Ezra SoleymaniEzra Soleymani
The Json file is valid. Here are the two fields and interger values that coming in scientific notation
  • "grossProfitDollars": 1.E-2,
  • "grossProfitPercent": 1.E-2,
John TowersJohn Towers
That's the problem. '1.E-2' isn't quoted in your JSON. If it's not quoted, the parser treats it as a number. '1.E-2' may be scientific notiation and represent a number but it's not actually a number - it's a string. So you'll either need to pass in the actual number so it's parsed as a number or quote the field so it's parsed as a string.

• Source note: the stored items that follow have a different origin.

(* Let $T$ be a lifted graph, $F\colon T\to T$ a continuous sun-like map of degree 1, ${\cal P}$ a basic partition of $F$ and ${\cal G}$ its covering graph. Let $\alpha=A_0\dots A_n/\!\sim$ be a vertex of ${\cal G}$ (with $A_0,\dots,A_n\in{\cal P}$) and let $\alpha\to\beta$ be an arrow in ${\cal G}$. Then there exists $A_{n+1}\in{\cal P}$ such that $\beta=A_0\dots A_nA_{n+1}/\!\sim$.
   Context: A lifted graph is a connected topological space $T$ with a homeomorphism $h\colon\mathbb R\to h(\mathbb R)\subset T$ and a homeomorphism $\tau\colon T\to T$ such that $\tau(h(x))=h(x+1)$, the closure of each connected component of $T\setminus h(\mathbb R)$ is a topological finite graph meeting $h(\mathbb R)$ in exactly one point, and only finitely many such components have closure meeting $h([0,1])$. Identify $h(\mathbb R)$ with $\mathbb R$, write $x+m:=\tau^m(x)$; $r_{\mathbb R}\colon T\to\mathbb R$ is the identity on $\mathbb R$ and maps a component $C$ of $T\setminus\mathbb R$ to the point $\overline C\cap\mathbb R$. $F$ has degree 1 if $F(x+1)=F(x)+1$. Let $T_{\mathbb R}:=\overline{\bigcup_{n\ge0}F^n(\mathbb R)}$, $X:=\overline{T\setminus T_{\mathbb R}}\cap r_{\mathbb R}^{-1}([0,1))$. $F$ is sun-like if $(T\setminus T_{\mathbb R})\cap r_{\mathbb R}^{-1}([0,1))$ consists of finitely many intervals with pairwise disjoint closures $X^i$, $i\in\Lambda$ (branches), each a compact interval meeting $T_{\mathbb R}$ in one endpoint $\min X^i$ (fixing the order of $X^i$). A basic partition is a finite family ${\cal P}=\{X^i_j\}$ of pairwise disjoint nonempty compact intervals $X^i_1<\dots<X^i_{N_i}$ in $X^i$, with $\ell(X^i_j)\in\Lambda$, $p(X^i_j)\in\mathbb Z$, such that $F(X^i_j)\subset(X^{\ell(X^i_j)}+p(X^i_j))\cup\mathrm{Int}(T_{\mathbb R})$, $F(\min X^i_j)=\min X^{\ell(X^i_j)}+p(X^i_j)$, and $F(X\setminus\bigcup X^i_j)\cap(X+\mathbb Z)=\emptyset$. For $A_0,\dots,A_n\in{\cal P}$, $\langle A_0\dots A_n\rangle:=F^n(\{x\in T: F^i(x)\in A_i+\mathbb Z,\ 0\le i\le n\})\cap X$. $A_0\dots A_n\sim B_0\dots B_m$ iff for some $k\le\min(n,m)$, $A_{n-i}=B_{m-i}$ ($0\le i\le k$) and $\langle A_0\dots A_{n-k}\rangle=A_{n-k}=B_{m-k}=\langle B_0\dots B_{m-k}\rangle$ (an equivalence relation). The covering graph ${\cal G}$: vertices are classes $A_0\dots A_n/\!\sim$ with $\langle A_0\dots A_n\rangle\ne\emptyset$; an arrow $\alpha\to\beta$ exists iff $\alpha=B_0\dots B_m/\!\sim$ and $\beta=B_0\dots B_mB_{m+1}/\!\sim$ for some $B_0,\dots,B_{m+1}\in{\cal P}$. *)

From HB Require Import structures.
From mathcomp Require Import all_boot all_order all_algebra.
From mathcomp Require Import all_classical all_reals all_analysis.
From mathcomp Require Import Rstruct Rstruct_topology.
Set Implicit Arguments. Unset Strict Implicit. Unset Printing Implicit Defensive.
Import Order.TTheory GRing.Theory Num.Theory.
Local Open Scope classical_set_scope.
Local Open Scope ring_scope.

Notation RR := Rdefinitions.R.

Section LiftedGraphs.
Variable T : topologicalType.

Definition embedding (f : RR -> T) :=
  [/\ continuous f, injective f &
      forall U : set RR, open U -> exists V : set T, open V /\ f @` U = V `&` range f].

Definition arc_map (e : RR -> T) :=
  [/\ {within `[0, 1]%classic, continuous e}, set_inj `[0, 1]%classic e &
      forall U : set RR, open U -> exists V : set T,
         open V /\ e @` (U `&` `[0, 1]%classic) = V `&` e @` `[0, 1]%classic].

Definition finite_graph (G : set T) :=
  exists (m : nat) (pt : nat -> T) (k : nat) (e : nat -> RR -> T),
    [/\ forall i, (i < k)%N -> arc_map (e i),
        G = pt @` `I_m `|` \bigcup_(i in `I_k) (e i @` `[0, 1]%classic) &
        forall i j, (i < k)%N -> (j < k)%N -> i <> j ->
          forall s t : RR, `[0, 1]%classic s -> `[0, 1]%classic t -> e i s = e j t ->
            (s = 0 \/ s = 1) /\ (t = 0 \/ t = 1)].

(* x + m := tau^m x  for m : int, taui being the inverse of tau *)
Definition shift (tau taui : T -> T) (m : int) (x : T) : T :=
  match m with Posz n => iter n tau x | Negz n => iter n.+1 taui x end.

Definition comp (h : RR -> T) (x : T) := connected_component (~` range h) x.

Definition lifted_graph (h : RR -> T) (tau taui : T -> T) :=
  [/\ connected [set: T] /\ embedding h,
      [/\ continuous tau, continuous taui, cancel tau taui & cancel taui tau],
      (forall x : RR, tau (h x) = h (x + 1)),
      (forall x, ~ range h x ->
          finite_graph (closure (comp h x)) /\
          exists t : RR, closure (comp h x) `&` range h = [set h t]) &
      finite_set [set C : set T | exists x, [/\ ~ range h x, C = comp h x &
                         closure C `&` (h @` `[0, 1]%classic) !=set0]]].

(* r_R^{-1}(I) for I a subset of R *)
Definition rpre (h : RR -> T) (I : set RR) : set T :=
  [set x | (exists t, I t /\ h t = x) \/
           (~ range h x /\ exists t, I t /\ closure (comp h x) (h t))].

Definition degree_one (tau F : T -> T) := forall x, F (tau x) = tau (F x).

Definition TR (h : RR -> T) (F : T -> T) : set T :=
  closure (\bigcup_(n in [set: nat]) (iter n F @` range h)).

Definition Xset (h : RR -> T) (F : T -> T) : set T :=
  closure (~` TR h F) `&` rpre h `[0, 1[%classic.

(* F is sun-like, the branches being X^i = phi i @` [0,1] for i < N,
   with min X^i = phi i 0 (this fixes the order on X^i). *)
Definition sun_like (h : RR -> T) (F : T -> T) (N : nat) (phi : nat -> RR -> T) :=
  [/\ forall i, (i < N)%N -> arc_map (phi i),
      (~` TR h F) `&` rpre h `[0, 1[%classic = \bigcup_(i in `I_N) (phi i @` `]0, 1]%classic),
      (forall i j, (i < N)%N -> (j < N)%N -> i <> j ->
         phi i @` `[0, 1]%classic `&` phi j @` `[0, 1]%classic = set0) &
      (forall i, (i < N)%N -> phi i @` `[0, 1]%classic `&` TR h F = [set phi i 0])].

(* basic partition: for i < N the intervals X^i_j = phi i @` [a i j, b i j],
   j < Ni i, in increasing order; ell i j and p i j as in the paper *)
Definition Pset (phi : nat -> RR -> T) (a b : nat -> nat -> RR) (A : nat * nat) : set T :=
  phi A.1 @` `[a A.1 A.2, b A.1 A.2]%classic.

Definition inP (N : nat) (Ni : nat -> nat) (A : nat * nat) := (A.1 < N)%N && (A.2 < Ni A.1)%N.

Ezra SoleymaniEzra Soleymani
I have created a mock json with value in quotes. I still gave me an error with josn deserializer
John TowersJohn Towers
Did it give you the same error? Or a different one?
Ezra SoleymaniEzra Soleymani
Nvm the string value work fine. the only problem is the  data from the third party cant chnage how  they send us the data. 
John TowersJohn Towers
What they're passing is not valid JSON so if possible they really should fix it. If not, you should be able to clean up the JSON string before you try to parse it. Try something like this:
 
String str = '{"grossProfitDollars": 1.E-2}';
Matcher match = Pattern.compile('[^"]([0-9]+\\.E-[0-9]+)').matcher(str);
String replacedText = match.replaceAll('"$1"');

This uses a regular expression to try to find unquoted instances of scientific notation and wrap them in quotes. Then you can just parse the 'replacedText' variable since it should be valid JSON.